Mediation Lawyers - Joliet, IL

Mediation is a technique used to resolve differences by obtaining agreements with the aid of a neutral third party, a mediator. The mediator’s only goal is helping the parties to reach an agreement on one or all of the outstanding issues brought before them. 

 

The benefit to mediation is that is that you and the other party can create a solution that works best for you and your family rather than having the Judge decide all issues. 

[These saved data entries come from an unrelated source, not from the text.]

Lemma eigenvalue_gd_mx_root g1 g2 w z (y : 'cV_n2) :
  y != 0 -> C *m C^T *m y = w *: y -> w != 0 -> g1 != 0 ->
  z ^+ 2 - (2 - g1 - g2 + g1 * g2 * w) * z + (1 - g1) * (1 - g2) = 0 ->
  eigenvalue (gd_mx g1 g2) z.
Proof.
move=> y0 CCTy w0 g10 hz; set x := C^T *m y.
have Cx : C *m x = w *: y by rewrite /x mulmxA.
have x0 : x != 0.
  apply: contraNneq y0 => x0; move/eqP: Cx; rewrite x0 mulmx0 eq_sym.
  by rewrite scaler_eq0 (negbTE w0).
apply/eigenvalue_colP; exists (col_mx (g1 *: x) ((1 - g1 - z) *: y)); last first.
  by rewrite col_mx_eq0 scaler_eq0 negb_and negb_or g10 x0.
rewrite /gd_mx mul_block_col scale_col_mx; congr col_mx.
  rewrite mul_scalar_mx -!scalemxAl -!scalemxAr -/x !scalerA -scalerDl.
  by congr (_ *: _); ring.
rewrite mulmxDl mul_scalar_mx -!scalemxAl -!scalemxAr Cx -mulmxA -/x Cx.
rewrite !scalerA -!scalerDl; congr (_ *: _).
by apply/eqP; rewrite -subr_eq0; apply/eqP; rewrite -hz; ring.
Qed.

Lemma gd_mx_eigenvectorE g1 g2 z (x : 'cV_n1) (y : 'cV_n2) :
  gd_mx g1 g2 *m col_mx x y = z *: col_mx x y ->
  (z - (1 - g2)) *: y = - (g2 * z) *: (C *m x) /\
  ((z - (1 - g1)) * (z - (1 - g2))) *: x = (g1 * g2 * z) *: (C^T *m (C *m x)).
Proof.
rewrite /gd_mx mul_block_col scale_col_mx => /eq_col_mx[ex ey].
have CTy : g1 *: (C^T *m y) = (1 - g1 - z) *: x.
  move: ex; rewrite mul_scalar_mx -scalemxAl scaleNr => ex.
  by rewrite [RHS]scalerBl -ex opprB addrC subrK.
have CCTy : (g1 * g2) *: (C *m C^T *m y) = (g2 * (1 - g1 - z)) *: (C *m x).
  by rewrite mulrC -!scalerA -mulmxA scalemxAr CTy -scalemxAr.
have ey' : (z - (1 - g2)) *: y = - (g2 * z) *: (C *m x).
  move: ey; rewrite mulmxDl mul_scalar_mx -!scalemxAl CCTy => ey.
  rewrite scalerBl -ey addrCA [_ *: y + _]addrC addrK -scalerDl.
  by congr (_ *: _); ring.
split=> //.
have e : ((z - (1 - g2)) * (1 - g1 - z)) *: x = (g1 * - (g2 * z)) *: (C^T *m (C *m x)).
  rewrite -scalerA -CTy scalerA mulrC -[in LHS]scalerA [in LHS]scalemxAr ey'.
  by rewrite -scalemxAr scalerA.
have -> : (z - (1 - g1)) * (z - (1 - g2)) = - ((z - (1 - g2)) * (1 - g1 - z)) by ring.
have -> : g1 * g2 * z = - (g1 * - (g2 * z)) by ring.
by rewrite !scaleNr e.
Qed.

Lemma gd_mx_eigenvalue_cases g1 g2 z : g1 != 0 -> g2 != 0 ->
  eigenvalue (gd_mx g1 g2) z ->
  [\/ z = 1 - g1, z = 1 - g2 |
      exists2 w, eigenvalue (C *m C^T) w &
        (z - (1 - g1)) * (z - (1 - g2)) = g1 * g2 * w * z].
Proof.
move=> g10 g20 /eigenvalue_colP[v Mv v0].
have [z1|z1] := eqVneq z (1 - g1); first by constructor 1.
have [z2|z2] := eqVneq z (1 - g2); first by constructor 2.
constructor 3.
move: Mv v0; rewrite -[v]vsubmxK; set x := usubmx v; set y := dsubmx v.
move=> /gd_mx_eigenvectorE[ey ex]; rewrite col_mx_eq0 negb_and => xy0.
have k0 : (z - (1 - g1)) * (z - (1 - g2)) != 0 by rewrite mulf_neq0 // subr_eq0.
have x0 : x != 0.
  apply/eqP => x0; move: xy0; rewrite x0 eqxx /= => /negP; apply.
  by move/eqP: ey; rewrite x0 mulmx0 scaler0 scaler_eq0 subr_eq0 (negbTE z2).
have z0 : z != 0.
  apply: contraNneq k0 => z0; move/eqP: ex; rewrite z0 mulr0 scale0r.
  by rewrite scaler_eq0 (negbTE x0) orbF.
have u0 : C *m x != 0.
  apply: contraNneq k0 => u0; move/eqP: ex; rewrite u0 mulmx0 scaler0.
  by rewrite scaler_eq0 (negbTE x0) orbF.
set w := (z - (1 - g1)) * (z - (1 - g2)) / (g1 * g2 * z).
have d0 : g1 * g2 * z != 0 by rewrite !mulf_neq0.
exists w; last by rewrite /w; field; rewrite ?d0 ?g10 ?g20 ?z0.
apply/eigenvalue_colP; exists (C *m x) => //.
have CTu : C^T *m (C *m x) = w *: x by rewrite /w mulrC -scalerA ex scalerA mulVf ?scale1r.
by rewrite -mulmxA CTu -scalemxAr.
Qed.
End BlockIteration.

Lemma map_gd_mx (F K : fieldType) (f : {rmorphism F -> K}) n1 n2
    (C : 'M[F]_(n2, n1)) g1 g2 :
  map_mx f (gd_mx C g1 g2) = gd_mx (map_mx f C) (f g1) (f g2).
Proof.
rewrite /gd_mx map_block_mx !(map_mxD, map_mxZ, map_mxM, map_scalar_mx, map_trmx).
by rewrite !(rmorphN, rmorphM, rmorphB, rmorph1).
Qed.

Section GramEigenvalues.
Variable K : numClosedFieldType.
Local Open Scope sesquilinear_scope.

Lemma dotmx_mulmxl n p (u : 'rV[K]_n) (v : 'rV[K]_p) (A : 'M[K]_(n, p)) :
  dotmx (u *m A) v = dotmx u (v *m A^t*).
Proof. by rewrite !dotmxE -mulmxA trmx_mul map_mxM trmxCK. Qed.

Lemma dotmx_mul_adj_isometry n p (u : 'rV[K]_n) (A : 'M[K]_(p, n)) :
  A^t* *m A = 1%:M -> dotmx (u *m A^t*) (u *m A^t*) = dotmx u u.
Proof. by move=> AA; rewrite dotmx_mulmxl trmxCK -mulmxA AA mulmx1. Qed.

Lemma dotmx_mul_orthonormal_le n p (u : 'rV[K]_n) (A : 'M[K]_(n, p)) :
  A^t* *m A = 1%:M -> dotmx (u *m A) (u *m A) <= dotmx u u.
Proof.
move=> AA; set v := u *m A.
have duP : dotmx u (v *m A^t*) = dotmx v v by rewrite -dotmx_mulmxl.
have := dnorm_ge0 (@dotmx K n) (u - v *m A^t*).
rewrite dnormB /= duP dotmx_mul_adj_isometry // geC0_conj ?dnorm_ge0 //.
by rewrite opprD addrA addrK subr_ge0.
Qed.

Lemma eigenvalue_mul_adjE n p (D : 'M[K]_(n, p)) (v : 'rV[K]_n) w :
  v *m (D *m D^t*) = w *: v -> w * dotmx v v = dotmx (v *m D) (v *m D).
Proof.
move=> vDD; have := dotmx_mulmxl (v *m D) v (D^t*).
by rewrite trmxCK -mulmxA vDD => <-; rewrite !dotmxE -scalemxAl [RHS]mxE.
Qed.

Lemma eigenvalue_mul_adj_ge0 n p (D : 'M[K]_(n, p)) w :
  eigenvalue (D *m D^t*) w -> 0 <= w.
Proof.
case/eigenvalueP => v /eigenvalue_mul_adjE wv v0.
have v_gt0 : 0 < dotmx v v by rewrite dnorm_gt0.
by rewrite -(pmulr_lge0 _ v_gt0) wv dnorm_ge0.
Qed.

Lemma eigenvalue_cross_gram_le1 m n1 n2 (A1 : 'M[K]_(m, n1)) (A2 : 'M[K]_(m, n2)) w :
  A1^t* *m A1 = 1%:M -> A2^t* *m A2 = 1%:M ->
  eigenvalue ((A2^t* *m A1) *m (A2^t* *m A1)^t*) w -> w <= 1.
Proof.
move=> A11 A22 /eigenvalueP[v /eigenvalue_mul_adjE wv v0].
have v_gt0 : 0 < dotmx v v by rewrite dnorm_gt0.
rewrite -(ler_pM2r v_gt0) mul1r wv mulmxA.
by rewrite -[leRHS](dotmx_mul_adj_isometry v A22) dotmx_mul_orthonormal_le.
Qed.
End GramEigenvalues.

Section Quadratics.
Variable R : realType.
Local Open Scope complex_scope.

Lemma quadratic_root_ge (t P c : R) : c ^+ 2 - t * c + P <= 0 ->
  exists2 z, z ^+ 2 - t * z + P = 0 & c <= z.
Proof.
move=> pc; set q := Num.sqrt (t ^+ 2 - 4 * P).
have disc : (2 * c - t) ^+ 2 <= t ^+ 2 - 4 * P by nra.
have qq : q ^+ 2 = t ^+ 2 - 4 * P by rewrite sqr_sqrtr // (le_trans (sqr_ge0 _) disc).
have q_ge : 2 * c - t <= q.
  apply: le_trans (ler_norm _) _; rewrite -sqrtr_sqr ler_sqrt //.
  exact: le_trans (sqr_ge0 _) disc.
exists ((t + q) / 2); last lra.
have -> : ((t + q) / 2) ^+ 2 - t * ((t + q) / 2) + P = (q ^+ 2 - (t ^+ 2 - 4 * P)) / 4.
  by field.
by rewrite qq subrr mul0r.
Qed.

Lemma quadratic_root_norm_le (a k : R) (z : R[i]) : a <= 0 -> 0 <= k <= - 4 * a ->
  (z - a%:C) ^+ 2 = k%:C * z -> complex.Re `|z| <= - a.
Proof.
case: z => x y a0 /andP[k0 ka] /(congr1 (fun u => (complex.Re u, complex.Im u))).
simpc => -[hre him].
have sq : x ^+ 2 + y ^+ 2 <= a ^+ 2.
  (* for y != 0 the imaginary part forces x = a + k / 2, and then |z| = |a| *)
  have [y0|y0] := eqVneq y 0.
    rewrite y0 mulr0 subr0 in hre; rewrite y0 expr0n addr0.
    have hx : (x + a) * (x + a) = x * (k + 4 * a) by nra.
    have [x0|x0] := leP 0 x.
      have : (x + a) * (x + a) <= 0 by rewrite hx; nra.
      nra.
    have : (x - a) * (x - a) <= 0 by nra.
    nra.
  have ex : 2 * (x - a) = k by apply: (mulIf y0); nra.
  nra.
rewrite /= -[leRHS]ger0_norm ?oppr_ge0 // -sqrtr_sqr sqrrN.
by rewrite ler_sqrt ?sqr_ge0.
Qed.

Lemma gd_char_quadratic_nonpos (g g1 g2 lam : R) : 1 <= g <= 2 ->
  lam * g ^+ 2 = 4 * (g - 1) -> 1 <= g1 <= g -> 1 <= g2 <= g ->
  (g - 1) ^+ 2 - (2 - g1 - g2 + g1 * g2 * lam) * (g - 1) + (1 - g1) * (1 - g2) <= 0.
Proof.
move=> /andP[g_ge1 g_le2] hlam /andP[g1_ge1 g1_le] /andP[g2_ge1 g2_le].
set c := g - 1; set u := g1 - 1; set v := g2 - 1.
set H := (c - u) * (c - v) * ((1 - c) * (3 + c))
         + 2 * (1 + c) * (1 - c) * (u * (c - v) + (c - u) * v).
have H_ge0 : 0 <= H.
  have [u0 v0 cu cv] : [/\ 0 <= u, 0 <= v, 0 <= c - u & 0 <= c - v].
    by split; rewrite /u /v /c; lra.
  have [c1 c1' c3] : [/\ 0 <= 1 - c, 0 <= 1 + c & 0 <= 3 + c] by split; rewrite /c; lra.
  apply: addr_ge0; first by rewrite !mulr_ge0.
  by rewrite !mulr_ge0 // addr_ge0 // mulr_ge0.
have -> : c ^+ 2 - (2 - g1 - g2 + g1 * g2 * lam) * c + (1 - g1) * (1 - g2)
          = - H / g ^+ 2.
  apply: (canRL (mulfK _)); first by rewrite sqrf_eq0; apply/eqP; lra.
  transitivity (- H - c * g1 * g2 * (lam * g ^+ 2 - 4 * (g - 1))).
    by rewrite /H /c /u /v; ring.
  by rewrite hlam subrr mulr0 subr0.
by rewrite mulNr oppr_le0 divr_ge0 ?sqr_ge0.
Qed.

Lemma opt_stepsize_spec (lam : R) : 0 <= lam <= 1 ->
  let s := Num.sqrt (1 - lam) in let g := 2 / (1 + s) in
  [/\ 1 <= g <= 2, lam * g ^+ 2 = 4 * (g - 1) & g - 1 = (1 - s) / (1 + s)].
Proof.
move=> /andP[lam_ge0 lam_le1] s g.
have s_ge0 : 0 <= s := sqrtr_ge0 _.
have ss : s ^+ 2 = 1 - lam by rewrite sqr_sqrtr // subr_ge0.
have s_le1 : s <= 1 by rewrite -(ler_pXn2r (_ : 0 < 2)%N) ?nnegrE ?expr1n //; lra.
have s1_neq0 : 1 + s != 0 by apply/eqP; lra.
have gs : g * (1 + s) = 2 by rewrite /g mulfVK.
split; first (apply/andP; split; nra); last by rewrite /g; field.
have -> : lam = 1 - s ^+ 2 by lra.
nra.
Qed.
End Quadratics.

Lemma eigenvalues_finite (K : closedFieldType) n (B : 'M[K]_n) :
  exists rs : seq K, forall z, eigenvalue B z -> z \in rs.
Proof.
have [rs csB] := closed_field_poly_normal (char_poly B).
exists rs => z; rewrite eigenvalue_root_char csB (monicP (char_poly_monic B)).
by rewrite scale1r root_prod_XsubC.
Qed.

Section RealSpectra.
Variable R : realType.
Local Open Scope classical_set_scope.
Local Open Scope complex_scope.
Local Notation mxC := (map_mx (real_complex R)).

Lemma seq_max (s : seq R) : s != [::] -> exists2 m, m \in s & {in s, forall x, x <= m}.
Proof.
elim: s => [//|x s IH] _; have [->|/IH[m ms mmax]] := eqVneq s [::].
  by exists x; rewrite ?inE // => y; rewrite inE => /eqP ->.
have [xm|mx] := leP x m.
  by exists m; rewrite ?inE ?ms ?orbT // => y; rewrite inE => /predU1P[->|/mmax].
exists x; rewrite ?inE ?eqxx // => y; rewrite inE => /predU1P[->//|/mmax ym].
exact: le_trans ym (ltW mx).
Qed.

Lemma sup_ubound_finite (E : set R) (s : seq R) :
  E `<=` [set x | x \in s] -> ubound E (sup E).
Proof.
move=> Es x Ex; apply: sup_upper_bound => //; split; first by exists x.
by exists (\big[Num.max/0]_(y <- s) y) => y /Es ys; exact: le_bigmax_seq.
Qed.

Lemma sup_pred_mem (P : pred R) (s : seq R) :
  (forall x, P x -> x \in s) -> (exists x, P x) -> P (sup [set x | P x]).
Proof.
move=> Ps [x Px]; have /seq_max[m] : [seq y <- s | P y] != [::].
  by rewrite -has_filter; apply/hasP; exists x; rewrite ?Ps.
rewrite mem_filter => /andP[Pm _] mmax.
suff -> : sup [set x | P x] = m by [].
apply/le_anti/andP; split; last exact: (@sup_ubound_finite _ s).
by apply: ge_sup; [exists m | move=> y Py; apply: mmax; rewrite mem_filter Py Ps].
Qed.

Lemma eigenvalue_real_finite n (B : 'M[R]_n) :
  exists s : seq R, forall r, eigenvalue B r -> r \in s.
Proof.
have [rs rsP] := eigenvalues_finite (mxC B).
exists (map (@complex.Re R) rs) => r Br; apply/mapP; exists r%:C => //.
by apply: rsP; rewrite eigenvalue_map.
Qed.

Lemma lambda_max_ge n (B : 'M[R]_n) r : eigenvalue B r -> r <= lambda_max B.
Proof. by have [s sP] := eigenvalue_real_finite B; exact: (@sup_ubound_finite _ s). Qed.

Lemma lambda_max_eigenvalue n (B : 'M[R]_n) :
  lambda_max B = 0 \/ eigenvalue B (lambda_max B).
Proof.
have [s sP] := eigenvalue_real_finite B.
have [Bne|Bempty] := pselect (exists r, eigenvalue B r).
  by right; exact: sup_pred_mem sP Bne.
left; rewrite /lambda_max; suff -> : [set x | eigenvalue B x] = set0 by rewrite sup0.
by apply/seteqP; split => // x Bx; apply: Bempty; exists x.
Qed.

Lemma Re_normC_real (r : R) : complex.Re `|r%:C| = `|r|.
Proof. by rewrite normc_def /= expr0n addr0 sqrtr_sqr. Qed.

Lemma spectral_radius_ge n (M : 'M[R]_n) z :
  eigenvalue (mxC M) z -> complex.Re `|z| <= spectral_radius M.
Proof.
move=> Mz; have [rs rsP] := eigenvalues_finite (mxC M).
apply: (@sup_ubound_finite _ (map (fun z => complex.Re `|z|) rs)); last by exists z.
by move=> _ [y My <-]; apply: map_f; apply: rsP.
Qed.

Lemma spectral_radius_ge_real n (M : 'M[R]_n) r :
  eigenvalue M r -> `|r| <= spectral_radius M.
Proof.
by rewrite -(eigenvalue_map (real_complex R)) -Re_normC_real; apply: spectral_radius_ge.
Qed.

Lemma adj_mxC m n (A : 'M[R]_(m, n)) : ((mxC A)^t*)%sesqui = mxC A^T.
Proof. by apply/matrixP => i j; rewrite !mxE; exact: conjc_real. Qed.

Lemma mxC_mul_trmx m n (A : 'M[R]_(m, n)) : mxC (A *m A^T) = (mxC A *m (mxC A)^t*)%sesqui.
Proof. by rewrite map_mxM adj_mxC. Qed.

Lemma mxC_isometry m n (A : 'M[R]_(m, n)) :
  A^T *m A = 1%:M -> ((mxC A)^t* *m mxC A)%sesqui = 1%:M.
Proof. by move=> /(congr1 mxC); rewrite map_mxM map_scalar_mx rmorph1 -adj_mxC. Qed.

Lemma eigenvalue_mxC_mul_tr n p (D : 'M[R]_(n, p)) w :
  eigenvalue (mxC (D *m D^T)) w ->
  exists r, [/\ w = r%:C, 0 <= r & eigenvalue (D *m D^T) r].
Proof.
move=> Dw; have w_ge0 : 0 <= w.
  by apply: (@eigenvalue_mul_adj_ge0 _ _ _ (mxC D)); rewrite -mxC_mul_trmx.
have ew : w = (complex.Re w)%:C.
  by rewrite {1}[w]complexE ger0_Im // rmorph0 mulr0 addr0.
exists (complex.Re w); split => //; first by rewrite -lecR -ew.
by move: Dw; rewrite ew eigenvalue_map.
Qed.

Lemma eigenvalue_cross_gram_real m n1 n2 (A1 : 'M[R]_(m, n1)) (A2 : 'M[R]_(m, n2)) r :
  A1^T *m A1 = 1%:M -> A2^T *m A2 = 1%:M ->
  eigenvalue ((A2^T *m A1) *m (A2^T *m A1)^T) r -> 0 <= r <= 1.
Proof.
move=> A11 A22; rewrite -(eigenvalue_map (real_complex R)) => Er.
have [r' [/complexI <- r_ge0 _]] := eigenvalue_mxC_mul_tr Er.
apply/andP; split => //; rewrite -lecR rmorph1.
apply: (eigenvalue_cross_gram_le1 (mxC_isometry A11) (mxC_isometry A22)).
by move: Er; rewrite mxC_mul_trmx map_mxM -adj_mxC.
Qed.
End RealSpectra.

“Discourage litigation. Persuade your neighbors to compromise whenever you can. Point out to them how the normal winner is often a real loser - in fees, expenses and waste of time.”  Abraham Lincoln                           

NEUTRAL THIRD PARTY

Mediation is a technique to resolve differences by agreement with the aid of a neutral third party:  a mediator. The mediator’s only goal is helping the parties to reach agreement on one or all of the outstanding issues brought before her. An attorney-mediator has training in both the legal practicalities as well as problem solving skills.

 

COST & TIME SAVINGS

A divorce or post-decree case can be the most expensive argument you have ever had.  The monetary loss includes two sets of legal fees, lost income due to court appearances, and, in the case of a divorce, a division of marital property that had formerly felt like “yours”. The cost to your children can be exorbitant:  loss of time with their parents and loss of family funds for their needs. 

 

Mediation can save substantial time and money. In the best case scenario, three hours of mediation can save tens of thousands of dollars compared to a heated custody battle. Even when only partial agreement is reached in mediation, the savings are important.

 

LEARNING TO AGREE

As you can guess from “war stories” told by friends, a divorce does not end the interaction between you and your child’s other parent. Learning to compromise in parenting decisions is an important skill which you will need in the future years you will be co-parenting.

 

CONFIDENTIAL

Your attorney-mediator is obligated to report certain information to appropriate agencies in the case of suspected abuse, neglect or imminent harm. Otherwise, your attorney-mediator is not allowed to communicate to the representing attorneys or the judge as to any matters discussed in the mediation process. At the end of the mediation, your attorney-mediator will report to your Judge only as to whether an agreement, either parental or whole, has been reached.

 

GOOD FAITH ATTEMPT TO REACH AGREEMENT

It is imperative you approach the mediation process with an open mind.  The more you have decided there is only one “right” solution, the less likely you will recognize a different and better solution. To obtain the best benefit from the informal, confidential and neutral mediation sessions, each party must be prepare to meet in good faith with the intention to settle matters if possible.                               

 

The small buss-eye above represents the combined interests of the father, mother and children: a place where love for our children influences our decisions regarding the other parent. A common conflict arises when Dad needs time with the children and Mom needs time with the children but the children need to continue their soccer lessons and playtime with their friends. Mediation attempts to help parents create a plan that “win-win-wins” the best possible outcome for each parent and the children.

 

Your mediator will continually remind you that there are decisions to be made for your children that require each of you to lose something. 

 

IMPEDIMENTS TO MEDIATION

A mediator is trained to intercept the subtle and/or overt ways in which one spouse has gained past control over the other spouse. In some cases, the mediator will decline to proceed with the process if he feels the power imbalance is detrimental to negotiations. 

 

A similar problem arises where one spouse is incapable of cooperating as a result of his/her impaired abilities. That issue usually arises in the context of substance abuse. If the mediator feels a participant is impaired the mediator will decline to continue mediation.